The following code block contains all necessary code to run the OpenAI Agent with Databricks and the TabPFN MCP server.
example.py
import asyncio
import json
import os
import tempfile

import httpx
import pandas as pd
from databricks import sql as dbsql
from databricks.sdk import WorkspaceClient
from sklearn.metrics import (
    accuracy_score,
    f1_score,
    precision_score,
    recall_score,
    roc_auc_score,
)
from sklearn.model_selection import train_test_split

from agents import Agent, Runner, function_tool, enable_verbose_stdout_logging
from agents.mcp import MCPServerStreamableHttp


# Enable verbose stdout logging
enable_verbose_stdout_logging()

# ---------------------------------------------------------------------------
# Configuration - edit these to match your environment
# ---------------------------------------------------------------------------

PRIOR_LABS_API_KEY = os.environ["PRIORLABS_API_KEY"]
DATABRICKS_PROFILE = "DEFAULT"   # Databricks CLI profile (~/.databrickscfg)
TABLE              = os.environ["DATABRICKS_TABLE"]
TARGET_COLUMN      = "is_churned"
DROP_COLS          = ["c_customer_sk", "first_purchase_date", "last_purchase_date"]
LIMIT              = 1_000       # rows to fetch for training context
TEMP_DIR           = tempfile.mkdtemp()

# ---------------------------------------------------------------------------
# Step 1 - Fetch data from Databricks
# ---------------------------------------------------------------------------

def _get_warehouse_http_path() -> str:
    """Return the HTTP path of the first available SQL warehouse in your workspace.

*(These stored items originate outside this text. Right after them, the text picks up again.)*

(* Let $V$ be an $m$-dimensional real vector space carrying two inner products $g$ and $g_E$, and let $\mathrm{II}$ be a symmetric bilinear form on $V$ which is positive semidefinite, with $g_E$-trace $\bar H=\mathrm{tr}_{g_E}\mathrm{II}>0$. Let $H>0$ satisfy $H^2 g(v,v)\ge\bar H^2 g_E(v,v)$ for all $v\in V$. Then for every $g$-orthonormal basis $\{\tau_i\}_{i=1}^m$ and every $g_E$-orthonormal basis $\{\bar\tau_i\}_{i=1}^m$ of $V$, $$H\;\ge\;\sum_{i=1}^m\mathrm{II}(\tau_i,\bar\tau_i).$$
   Context: In the paper this is applied at a point $p$ of $\partial M$ with $V=T_p\partial M$ identified with $T_{F(p)}\partial\bar M$ via the boundary diffeomorphism $F:\partial M\to\partial\bar M$ ($\bar M\subset\mathbb R^{n+2}$ convex), $g$ the induced Riemannian metric, $g_E$ the pulled-back Euclidean metric, $\mathrm{II}$ the pulled-back Euclidean second fundamental form of $\partial\bar M$, $\bar H$ its mean curvature and $H=H_{\partial M}$ the mean curvature of $\partial M$; the hypothesis is then the rescaled mean curvature comparison $H_{\partial M}^2g\ge \bar H^2 g_E$. *)

From mathcomp Require Import all_boot all_order all_algebra.
Set Implicit Arguments. Unset Strict Implicit. Unset Printing Implicit Defensive.
Import Order.TTheory GRing.Theory Num.Theory.
Local Open Scope ring_scope.

(* Model: V = R^m as row vectors 'rV[R]_m.  A bilinear form on V is
   represented by its Gram matrix A : 'M[R]_m, acting as
   bform A u v = u A v^T. *)
Definition bform (R : comNzRingType) (m : nat) (A : 'M[R]_m) (u v : 'rV[R]_m) : R :=
  (u *m A *m v^T) 0 0.

Definition sym_gram (R : comNzRingType) (m : nat) (A : 'M[R]_m) : Prop :=
  A^T = A.

Definition inner_product (R : numFieldType) (m : nat) (A : 'M[R]_m) : Prop :=
  sym_gram A /\ forall v : 'rV[R]_m, v != 0 -> 0 < bform A v v.

Definition psd_form (R : numFieldType) (m : nat) (A : 'M[R]_m) : Prop :=
  forall v : 'rV[R]_m, 0 <= bform A v v.

(* trace of the bilinear form B with respect to the inner product G:
   tr_G B = g^{ij} B_{ij} = \tr (G^{-1} B) *)
Definition trace_wrt (R : numFieldType) (m : nat) (G B : 'M[R]_m) : R :=
  \tr (invmx G *m B).

Definition orthonormal_basis (R : numFieldType) (m : nat) (G T : 'M[R]_m) : Prop :=
  forall i j : 'I_m, bform G (row i T) (row j T) = (i == j)%:R.

From mathcomp Require Import all_boot all_order all_algebra.
From mathcomp Require Import ring lra.
Set Implicit Arguments. Unset Strict Implicit. Unset Printing Implicit Defensive.
Import Order.TTheory GRing.Theory Num.Theory.
Local Open Scope ring_scope.

(* Put K := tr_gE II.  Inverting Gram matrices reverses inequalities, so
   K^2 gE <= H^2 g gives K^2 g^-1 <= H^2 gE^-1; since II is a nonnegative
   combination of rank-one forms u^T u, pairing with II yields
   K^2 tr_g II <= H^2 tr_gE II = H^2 K.  Positivity of II at K tau_i - H taubar_i,
   summed over i, gives 2 K H sum_i II(tau_i, taubar_i) <= K^2 tr_g II + H^2 K,
   which is at most 2 K H^2. *)

Section BilinearForm.
Variables (R : realFieldType) (n : nat).
Implicit Types (A B G T : 'M[R]_n) (u v x y : 'rV[R]_n).

Lemma mulmx_trC x y : (x *m y^T) 0 0 = (y *m x^T) 0 0.
Proof. by rewrite !mxE; apply: eq_bigr => j _; rewrite !mxE mulrC. Qed.

Lemma mulmx_tr_eq0 x : (x *m x^T) 0 0 = 0 -> x = 0.
Proof.
have sq j : x 0 j * x^T j 0 = x 0 j ^+ 2 by rewrite mxE expr2.
rewrite mxE => /psumr_eq0P x0; apply/rowP => j; rewrite mxE.
by apply/eqP; rewrite -sqrf_eq0 -sq x0 // => k _; rewrite sq sqr_ge0.
Qed.

Lemma bform_tr A u v : bform A^T u v = bform A v u.
Proof.
rewrite /bform; transitivity ((v *m A *m u^T)^T 0 0); last by rewrite mxE.
by rewrite !trmx_mul trmxK mulmxA.
Qed.

Lemma bform_sym A u v : sym_gram A -> bform A u v = bform A v u.
Proof. by move=> symA; rewrite -bform_tr symA. Qed.

Lemma bform_row A B T i j : bform B (row i A) (row j T) = (A *m B *m T^T) i j.
Proof. by rewrite /bform -row_mul !mxE; apply: eq_bigr => k _; rewrite !mxE. Qed.

Lemma bform_rank1 u y : bform (u^T *m u) y y = ((u *m y^T) 0 0) ^+ 2.
Proof. by rewrite /bform !mulmxA -mulmxA mxE big_ord1 mulmx_trC expr2. Qed.

Lemma bformBZ A B c y : bform (A - c *: B) y y = bform A y y - c * bform B y y.
Proof. by rewrite /bform mulmxBr mulmxBl -scalemxAr -scalemxAl !mxE. Qed.

Lemma bformZBZ A a b x y :
  bform A (a *: x - b *: y) (a *: x - b *: y) =
  a ^+ 2 * bform A x x - a * b * (bform A x y + bform A y x) + b ^+ 2 * bform A y y.
Proof.
rewrite /bform linearB !linearZ /= !mulmxDl !mulmxDr -!scalemxAl -!scalemxAr.
by rewrite !mulNmx !mulmxN !mxE; ring.
Qed.

Lemma psd_form_cross_le A a b x y : sym_gram A -> psd_form A ->
  2 * (a * b) * bform A x y <= a ^+ 2 * bform A x x + b ^+ 2 * bform A y y.
Proof.
move=> symA psdA; have := psdA (a *: x - b *: y).
by rewrite bformZBZ (bform_sym _ _ symA); lra.
Qed.

Lemma inner_product_psd G : inner_product G -> psd_form G.
Proof.
move=> [_ posG] v; have [->|/posG/ltW//] := eqVneq v 0.
by rewrite /bform !mul0mx mxE.
Qed.

Lemma inner_product_unitmx G : inner_product G -> G \in unitmx.
Proof.
move=> [_ posG]; rewrite -row_free_unit -kermx_eq0; apply/negPn/negP => kerG.
have [i kerGi] : exists i, row i (kermx G) != 0.
  apply/existsP; apply: contraR kerG; rewrite negb_exists => /forallP kerG0.
  by apply/eqP/row_matrixP => i; rewrite row0; apply/eqP/negPn.
have := posG _ kerGi; rewrite /bform -row_mul mulmx_ker row0 mul0mx mxE.
by rewrite ltxx.
Qed.

Lemma orthonormal_basis_mx G T : orthonormal_basis G T -> T *m G *m T^T = 1%:M.
Proof. by move=> onT; apply/matrixP => i j; rewrite -bform_row onT mxE. Qed.

Lemma orthonormal_basis_invmx G T : orthonormal_basis G T -> invmx G = T^T *m T.
Proof.
move=> /orthonormal_basis_mx TGT.
have /mulmx1C GTT : T *m (G *m T^T) = 1%:M by rewrite mulmxA.
have [uG _] : G \in unitmx /\ T^T *m T \in unitmx by apply: mulmx1_unit; rewrite mulmxA.
by rewrite -[RHS](mulKmx uG) [G *m _]mulmxA GTT mulmx1.
Qed.

Lemma trace_wrt_orthonormal G T B : orthonormal_basis G T ->
  trace_wrt G B = \sum_i bform B (row i T) (row i T).
Proof.
move=> /orthonormal_basis_invmx invG.
rewrite /trace_wrt invG -mulmxA mxtrace_mulC /mxtrace.
by apply: eq_bigr => i _; rewrite bform_row.
Qed.

Lemma mxtrace_mul_rank1 A u : \tr (A *m (u^T *m u)) = bform A u u.
Proof. by rewrite mulmxA mxtrace_mulC mulmxA trace_mx11. Qed.

End BilinearForm.

Lemma affine_ge0_slope0 (R : realFieldType) (b d : R) : (forall c, 0 <= b * c + d) -> b = 0.
Proof.
move=> ge0; apply/eqP/negPn/negP => b0.
by have := ge0 (- (d + 1) / b); rewrite mulrCA divff // mulr1; lra.
Qed.

Section SchurComplement.
Variables (R : realFieldType) (n : nat) (a : R) (b : 'rV[R]_n) (d : 'M[R]_n).

Definition schur_compl : 'M[R]_n := d - a^-1 *: (b^T *m b).

Lemma bform_block c y :
  bform (block_mx a%:M b b^T d) (row_mx c%:M y) (row_mx c%:M y) =
  a * c ^+ 2 + 2 * c * (b *m y^T) 0 0 + bform d y y.
Proof.
rewrite /bform tr_row_mx mul_row_block mul_row_col tr_scalar_mx !mulmxDl.
rewrite !mul_mx_scalar !mul_scalar_mx -!scalemxAl -[y *m b^T]trmxK trmx_mul trmxK.
move: (b *m y^T) (y *m d *m y^T) => s t.
by rewrite !mxE eqxx mulr1n; ring.
Qed.

Lemma sym_schur_compl : sym_gram d -> sym_gram schur_compl.
Proof. by move=> symd; rewrite /sym_gram linearB linearZ /= trmx_mul trmxK symd. Qed.

Hypothesis psdP : psd_form (block_mx a%:M b b^T d).

Let psd_block c y : 0 <= a * c ^+ 2 + 2 * c * (b *m y^T) 0 0 + bform d y y.
Proof. by rewrite -bform_block; apply: psdP. Qed.

Lemma psd_block_corner_ge0 : 0 <= a.
Proof. by have := psd_block 1 0; rewrite trmx0 mulmx0 /bform !mul0mx !mxE; lra. Qed.

Lemma psd_block_corner_eq0 : a = 0 -> b = 0.
Proof.
move=> a0; apply: mulmx_tr_eq0.
have /eqP : 2 * (b *m b^T) 0 0 = 0.
  by apply: (@affine_ge0_slope0 _ _ (bform d b b)) => c; have := psd_block c b; rewrite a0; lra.
by rewrite mulf_eq0 pnatr_eq0 => /eqP.
Qed.

(* [bform schur_compl y y] is the block form at [row_mx c%:M y], minimized over [c]. *)
Lemma psd_schur_compl : psd_form schur_compl.
Proof.
move=> y; rewrite bformBZ bform_rank1.
have := psd_block (- (a^-1 * (b *m y^T) 0 0)) y.
move: ((b *m y^T) 0 0) (bform d y y) => s t.
have [->|a0] := eqVneq a 0; first by rewrite invr0; lra.
suff -> : a * (- (a^-1 * s)) ^+ 2 + 2 * - (a^-1 * s) * s + t = t - a^-1 * s ^+ 2 by [].
by field.
Qed.

Lemma block_schur_complE :
  block_mx a%:M b b^T d =
  a *: ((row_mx 1%:M (a^-1 *: b))^T *m row_mx 1%:M (a^-1 *: b)) +
  block_mx (0 : 'M_1) 0 0 schur_compl.
Proof.
have aVb : a * a^-1 *: b = b.
  by have [/psd_block_corner_eq0->|/divff->] := eqVneq a 0; rewrite ?scaler0 ?scale1r.
have aVV : a * a^-1 * a^-1 = a^-1.
  by have [->|a0] := eqVneq a 0; rewrite ?invr0 ?mul0r //; field.
rewrite tr_row_mx tr_scalar_mx mul_col_row scale_block_mx add_block_mx !addr0.
rewrite !mulmx1 !mul1mx scalemx1 [(a^-1 *: b)^T]linearZ /= -!scalemxAl !scalerA.
congr block_mx; first by rewrite aVb.
  by rewrite -{1}aVb linearZ.
by rewrite -scalemxAr scalerA aVV /schur_compl addrC subrK.
Qed.

End SchurComplement.

Lemma sym_block_mx (R : realFieldType) n (P : 'M[R]_(1 + n)) : sym_gram P ->
  exists a b d, sym_gram d /\ P = block_mx a%:M b b^T d.
Proof.
rewrite /sym_gram -{1 2}[P]submxK tr_block_mx => /eq_block_mx[_ _ dlP drP].
exists (ulsubmx P 0 0), (ursubmx P), (drsubmx P); split=> //.
by rewrite -mx11_scalar dlP submxK.
Qed.

Lemma psd_form_sum_rank1 (R : realFieldType) n (P : 'M[R]_n) :
  sym_gram P -> psd_form P ->
  exists (w : 'I_n -> R) (u : 'I_n -> 'rV[R]_n),
    (forall k, 0 <= w k) /\ P = \sum_k w k *: ((u k)^T *m u k).
Proof.
elim: n P => [|n IH] P symP psdP.
  by exists (fun=> 0), (fun=> 0); split=> //; apply/matrixP => -[].
have [a [b [d [symd defP]]]] := sym_block_mx symP.
rewrite defP in psdP.
have [w [u [w_ge0 defS]]] := IH _ (sym_schur_compl a b symd) (psd_schur_compl psdP).
exists (fun k => oapp w a (unlift ord0 k)).
exists (fun k => oapp (fun k' => row_mx 0 (u k')) (row_mx 1%:M (a^-1 *: b)) (unlift ord0 k)).
split=> [k|].
  by case: unlift => [k'|] /=; [apply: w_ge0 | apply: psd_block_corner_ge0 psdP].
rewrite big_ord_recl /= unlift_none /=.
under eq_bigr do rewrite liftK /=.
have blockD : {morph (@block_mx R 1 n 1 n 0 0 0) : x y / x + y}.
  by move=> x y; rewrite add_block_mx !addr0.
have -> : \sum_k w k *: ((row_mx (0 : 'rV_1) (u k))^T *m row_mx 0 (u k)) =
          block_mx (0 : 'M_1) 0 0 (schur_compl a b d).
  rewrite defS (big_morph _ blockD (block_mx0 _ _ _ _ _)); apply: eq_bigr => k _.
  by rewrite tr_row_mx mul_col_row trmx0 !mul0mx mulmx0 scale_block_mx !scaler0.
by rewrite defP (block_schur_complE psdP).
Qed.

Section Comparison.
Variables (R : realFieldType) (n : nat) (g gE : 'M[R]_n) (a b : R).
Hypotheses (ip_g : inner_product g) (ip_gE : inner_product gE).
Hypotheses (a_ge0 : 0 <= a) (b_gt0 : 0 < b).
Hypothesis gE_le_g : forall v, a * bform gE v v <= b * bform g v v.

(* Inverting the Gram matrices reverses the comparison: test the hypothesis on
   [z := u g^-1] and pair it with [w := u gE^-1] through [psd_form_cross_le]. *)
Lemma bform_invmx_le u : a * bform (invmx g) u u <= b * bform (invmx gE) u u.
Proof.
have [symgE _] := ip_gE.
have [ug ugE] := (inner_product_unitmx ip_g, inner_product_unitmx ip_gE).
pose z := u *m invmx g; pose w := u *m invmx gE.
have gzz : bform g z z = bform (invmx g) u u.
  by rewrite -[RHS]bform_tr /bform /z mulmxKV // trmx_mul mulmxA.
have gEww : bform gE w w = bform (invmx gE) u u.
  by rewrite /bform /w mulmxKV // trmx_mul trmx_inv symgE mulmxA.
have gEzw : bform gE z w = bform (invmx g) u u.
  by rewrite /bform /w trmx_mul trmx_inv symgE mulmxA mulmxK // /z -mulmxA.
have := psd_form_cross_le a b z w symgE (inner_product_psd ip_gE).
have := gE_le_g z; rewrite gzz gEww gEzw.
move: (bform (invmx g) u u) (bform gE z z) (bform (invmx gE) u u) => s t r le_ts le_cross.
have le_aat : a * (a * t) <= a * (b * s) by apply: ler_wpM2l.
by rewrite -(ler_pM2l b_gt0); lra.
Qed.

Lemma trace_wrt_le B : sym_gram B -> psd_form B ->
  a * trace_wrt g B <= b * trace_wrt gE B.
Proof.
move=> symB /(psd_form_sum_rank1 symB)[w [u [w_ge0 ->]]].
rewrite /trace_wrt !mulmx_sumr !raddf_sum /= !mulr_sumr; apply: ler_sum => k _.
rewrite -!scalemxAr !mxtraceZ !mxtrace_mul_rank1 mulrCA [b * _]mulrCA.
by apply: ler_wpM2l; [apply: w_ge0 | apply: bform_invmx_le].
Qed.

End Comparison.

Theorem proposition3p1 (R : realFieldType) (m : nat) (g gE II : 'M[R]_m) (H : R) :
  inner_product g -> inner_product gE ->
  sym_gram II -> psd_form II ->
  0 < trace_wrt gE II ->
  0 < H ->
  (forall v : 'rV[R]_m, (trace_wrt gE II) ^+ 2 * bform gE v v <= H ^+ 2 * bform g v v) ->
  forall tau taubar : 'M[R]_m,
    orthonormal_basis g tau -> orthonormal_basis gE taubar ->
    \sum_(i < m) bform II (row i tau) (row i taubar) <= H.
Proof.
move=> ip_g ip_gE symII psdII K_gt0 H_gt0 gE_le_g tau taubar on_tau on_taubar.
set K := trace_wrt gE II in K_gt0 gE_le_g *.
set P := \sum_i bform II (row i tau) (row i taubar).
have := trace_wrt_le ip_g ip_gE (sqr_ge0 K) (exprn_gt0 2 H_gt0) gE_le_g symII psdII.
rewrite -/K (trace_wrt_orthonormal II on_tau) => le_traces.
have cross : 2 * (K * H) * P <=
    K ^+ 2 * \sum_i bform II (row i tau) (row i tau) + H ^+ 2 * K.
  rewrite [X in _ + _ * X](trace_wrt_orthonormal II on_taubar) !mulr_sumr -big_split /=.
  by apply: ler_sum => i _; apply: psd_form_cross_le.
have KH_gt0 : 0 < 2 * (K * H) by rewrite !mulr_gt0.
by rewrite -(ler_pM2l KH_gt0); lra.
Qed.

    If you want to target a specific warehouse, replace this with a hardcoded path:
        return "/sql/1.0/warehouses/<your-warehouse-id>"
    """
    ws = WorkspaceClient(profile=DATABRICKS_PROFILE)
    warehouses = list(ws.warehouses.list())
    if not warehouses:
        raise RuntimeError("No SQL warehouses found in your Databricks workspace.")
    return f"/sql/1.0/warehouses/{warehouses[0].id}"


def fetch_data() -> pd.DataFrame:
    """Query the customer_analytics Delta table and return the result as a DataFrame.

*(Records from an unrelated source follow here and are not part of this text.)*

(* Let $\sigma,\mu\in S_n$. Then: (i) $\mathrm{Seg}(\sigma)$ is a partition of $\{1,\dots,n\}$. (ii) The intersection of any two $\sigma$-sections is either a $\sigma$-section or empty. (iii) The $\sigma$-sections are exactly the nonempty intervals of $\{1<\dots<n\}$ that are unions of $\sigma$-segments. (iv) $(\sigma,\mu)\in\rho_{ie}$ if and only if there are pairwise disjoint $\sigma$-sections $J_1,\dots,J_t$ with $J_1\cup\dots\cup J_t=\{1,\dots,n\}$ such that $\mu|_{J_i}\in\{\sigma|_{J_i},(\sigma|_{J_i})^{-1}\}$ for $i=1,\dots,t$. (v) $\rho_{ie}$ is an equivalence relation on $S_n$.
   Context: $S_n$ is the set of permutations of $\{1,\dots,n\}$ with the order $1<\dots<n$. For $\sigma\in S_n$, a subset $I$ is closed if $\sigma(i)\in I$ for all $i\in I$ ($\emptyset$ is closed). A nonempty interval $I=\{u,\dots,v\}$ is a $\sigma$-section if $\{1,\dots,u-1\}$, $I$ and $\{v+1,\dots,n\}$ are closed. Inclusion-minimal $\sigma$-sections are $\sigma$-segments; $\mathrm{Seg}(\sigma)$ is the set of them. $(\sigma,\mu)\in\rho_{ie}$ iff $\mathrm{Seg}(\sigma)=\mathrm{Seg}(\mu)$ and for all $I\in\mathrm{Seg}(\sigma)$, $\mu|_I\in\{\sigma|_I,(\sigma|_I)^{-1}\}$ (restrictions). *)

(* Elements 1..n of the paper are represented by 'I_n = {0,..,n-1}
   with its usual order; S_n is 'S_n. *)
From mathcomp Require Import all_boot all_fingroup.
Set Implicit Arguments. Unset Strict Implicit. Unset Printing Implicit Defensive.

Section Sections.
Variable n : nat.
Implicit Types (s m : 'S_n) (I J : {set 'I_n}).

Definition closed s I : bool := [forall i in I, s i \in I].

    Credentials are read from your Databricks CLI profile.
    """
    ws   = WorkspaceClient(profile=DATABRICKS_PROFILE)
    host = ws.config.host.replace("https://", "").rstrip("/")

    with dbsql.connect(
        server_hostname=host,
        http_path=_get_warehouse_http_path(),
        access_token=ws.config.token,
    ) as conn:
        with conn.cursor() as cursor:
            cursor.execute(f"SELECT * FROM {TABLE} LIMIT {LIMIT}")
            return cursor.fetchall_arrow().to_pandas()

# ---------------------------------------------------------------------------
# Step 2 - Preprocess and split
# ---------------------------------------------------------------------------

def preprocess(df: pd.DataFrame) -> pd.DataFrame:
    """Drop columns that shouldn't be used as features and remove all-null rows.

    DROP_COLS contains identifiers and date columns that would either leak information
    or add noise - adjust it to match your table schema.
    """
    return (
        df.drop(columns=[c for c in DROP_COLS if c in df.columns])
          .dropna(how="all")
    )


def split(df: pd.DataFrame) -> tuple[pd.DataFrame, pd.DataFrame, pd.DataFrame]:
    """Split the dataset 80/20 into train and test sets.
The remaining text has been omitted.